Child benefit data loss a communication muddle, claims Poynter

The tax office could have avoided the loss of 25m child benefit records on
CDs by establishing a single point of contact over sensitive data transfer,
claims the
Poynter
Review.

Kieran Poynter, chairman of PwC, catalogues a series of factors which led to
the loss of data in October 2007.

These included HMRC staff being more concerned about other issues rather than
information security, lack of appropriate authorisation for release of data and
insecure methods of data storage.

It was noted that if the CDs had been delivered by hand rather via the TNT
post service then the loss could have been prevented.

One of the key failures which Poynter highlights was the move to give the
National Audit Office the data in full when they had only requested a ‘large
sample’.

His comments were backed up by an Independent Police Complaints Commission
inquiry which said the junior employee responsible for the loss of the CDs could
not be ‘blamed’.

The government said 26 out the 45 recommendations by Poynter had already been
implemented.

‘Although no organisation, public or private, can ever guarantee that it will
never make a mistake, I believe the measures we are announcing today will ensure
that the public can be assured we are taking the necessary measures to keep
people’s data secure,’ said cabinet secretary, Gus O’Donnell.

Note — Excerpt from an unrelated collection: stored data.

Lemma coef_dehom_hcomp_homog_gmul f a e :
  coef (dehom (hcomp e (gmul (homog V f) a))) =1
  coef (gmul f (dehom (hcomp (e - (affdeg_poly V f)%:Z) a))).
Proof.
move=> w; rewrite coef_dehom_hcomp !coef_gmul_l /homog big_map.
rewrite (sum_coef f (fun u => coef (dehom (hcomp _ a)) (w - u))) /=.
by apply: eq_bigr => u _; rewrite coef_dehom_hcomp hpt_hptz hptzB.
Qed.

Lemma S_Mh_lsubmx v : S_Mh V v -> S_M V (lsubmx v).
Proof.
move=> [s [Ss ->]]; exists [seq lsubmx x | x <- s]; split.
  by move=> _ /mapP[x xs ->]; have [u [Mu ->]] := Ss x xs; rewrite lsubmx_hptz.
by rewrite raddf_sum big_map.
Qed.

Lemma S_Mh_hdeg_ge0 v : S_Mh V v -> 0 <= hdeg v.
Proof.
move=> [s [Ss ->]]; rewrite big_seq; apply: (big_ind (fun x => 0 <= hdeg x)).
- by rewrite /hdeg mxE.
- by move=> x y; rewrite hdegD; apply: addr_ge0.
by move=> x /Ss[u [_ ->]]; rewrite hpt_hptz hdeg_hptz.
Qed.

Lemma S_Mh_hpt0 (d : nat) : in_conv V 0 -> S_Mh V (hpt 0 d).
Proof.
move=> M0; exists (nseq d (hpt 0 1)); split.
  move=> x /nseqP[-> _]; exists 0; split => //.
  by rewrite /latpt (_ : map_mx _ 0 = 0) //; apply/matrixP => i j; rewrite !mxE.
rewrite big_nseq; elim: d => [|d IHd] /=.
  by rewrite /hpt -row_mx0; congr row_mx; apply/matrixP => i j; rewrite !mxE.
by rewrite -IHd !hpt_hptz hptzD addr0 -PoszD add1n.
Qed.

Lemma affdeg_le u (d : nat) : S_Mh V (hpt u d) -> (affdeg V u <= d)%N.
Proof.
move=> Sud; have [e /asboolP Sue e_min] :=
  ex_minnP (ex_intro (fun e => `[< S_Mh V (hpt u e) >]) d (asboolT Sud)).
have [_ affdeg_min] := epsilon_spec (inhabits 0%N)
  (fun e => S_Mh V (hpt u e) /\ forall e', S_Mh V (hpt u e') -> (e <= e')%N)
  (ex_intro _ e (conj Sue (fun e' Sue' => e_min e' (asboolT Sue')))).
exact: affdeg_min.
Qed.

Lemma in_alg_dehom_hcomp c h :
  in_alg (S_Mh V) h -> in_alg (S_M V) (dehom (hcomp c h)).
Proof. by move=> Sh u; rewrite coef_dehom_hcomp => /Sh/S_Mh_lsubmx; rewrite lsubmx_hptz. Qed.

Lemma in_ideal_dehom_hcomp (G : galg K n -> Prop) c h :
  in_ideal (S_Mh V) (homog_ideal_gens V G) h -> in_ideal (S_M V) G (dehom (hcomp c h)).
Proof.
move=> [rs [Hrs Eh]].
apply: (in_ideal_eq (h' := dehom (hcomp c (flatten [seq gmul q.1 q.2 | q <- rs])))).
  by move=> w; rewrite !coef_dehom_hcomp Eh.
rewrite dehom_hcomp_flatten -map_comp.
apply: in_ideal_flatten => q /Hrs[Sq1 [g [Jg q2E]]] /=; rewrite q2E.
apply: (in_ideal_eq (h' := gmul (dehom (hcomp (c - (affdeg_poly V g)%:Z) q.1)) g)).
  move=> w; rewrite gmulC -coef_dehom_hcomp_homog_gmul !coef_dehom_hcomp.
  exact: gmulC.
apply: in_ideal_gmul => //; last exact: in_alg_dehom_hcomp.
by move=> *; apply: in_sgrpD.
Qed.

Lemma hcomp_Negz h k : in_alg (S_Mh V) h -> coef (hcomp (Negz k) h) =1 coef [::].
Proof.
move=> Sh v; rewrite coef_hcomp coef_nil; case: eqP => // vk.
by apply/eqP; apply: contraT => /Sh/S_Mh_hdeg_ge0; rewrite vk.
Qed.

Lemma in_homog_ideal_hcomp (G : galg K n -> Prop) h (k : nat) :
  in_conv V 0 -> in_alg (S_Mh V) h -> in_ideal (S_M V) G (dehom (hcomp k h)) ->
  in_ideal (S_Mh V) (homog_ideal_gens V G) (hcomp k h).
Proof.
move=> M0 Sh Jg; set g := dehom (hcomp k h); set d := affdeg_poly V g.
have le_dk : (d <= k)%N.
  apply/bigmax_leqP_seq => u; rewrite mem_supp_list coef_dehom_hcomp => /Sh Su _.
  exact: affdeg_le.
exists [:: ([:: (1, hpt 0 (k - d))], homog V g)]; split.
  move=> q /[!inE] /eqP-> /=; split; last by exists g.
  move=> u; rewrite coef_cons coef_nil addr0.
  by case: ifP => [/eqP <- _|_]; [exact: S_Mh_hpt0 | rewrite eqxx].
move=> v /=; rewrite cats0 coef_gmul_l big_seq1 mul1r coef_homog coef_hcomp /=.
rewrite -[v in v - _]hptz_lsubmx hpt_hptz hptzB subr0 hdeg_hptz lsubmx_hptz.
rewrite coef_dehom_hcomp subr_eq -PoszD subnKC //.
by case: ifP => // /eqP <-; rewrite hptz_lsubmx.
Qed.

End Homogenization.

Unset Implicit Arguments.

Theorem mainTheorem11 (R : realType) (K : fieldType) (n p : nat)
  (V : 'I_p -> 'rV[R]_n) (fs : seq (galg K n)) :
  [pchar K] =i pred0 ->
  in_conv V 0 ->
  pointed (S_M V) ->
  pointed (S_Mh V) ->
  regular_seq (S_M V) fs ->
  forall i, (i < size fs)%N ->
    nzd_mod (S_Mh V) (homog_ideal_gens V (fun g => g \in take i fs))
      (homog V (nth [::] fs i)).
Proof.
move=> _ M0 _ _ [_ [fs_reg _]] i lt_i_fs g Sg Fg.
apply: in_ideal_hcomp => -[k|k]; last first.
  exact: in_ideal_eq (hcomp_Negz _ Sg) (in_ideal_nil _ _).
apply: in_homog_ideal_hcomp => //; apply: (fs_reg i lt_i_fs).
  exact: in_alg_dehom_hcomp.
set f := nth [::] fs i.
apply: in_ideal_eq _ (in_ideal_dehom_hcomp (k%:Z + (affdeg_poly V f)%:Z) Fg).
by move=> u; rewrite coef_dehom_hcomp_homog_gmul addrK.
Qed.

Action already taken to improve security includes stricter guidelines on the
handling of sensitive personal data, 90,000 employees at HMRC being given
additional security training and the encryption of 20,000 laptops at the MoD.

However, it was announced in the Commons today that Information Commissioner
Richard Thomas is to serve formal enforcement notices on HMRC and MoD over
‘deplorable’ lapses in data security.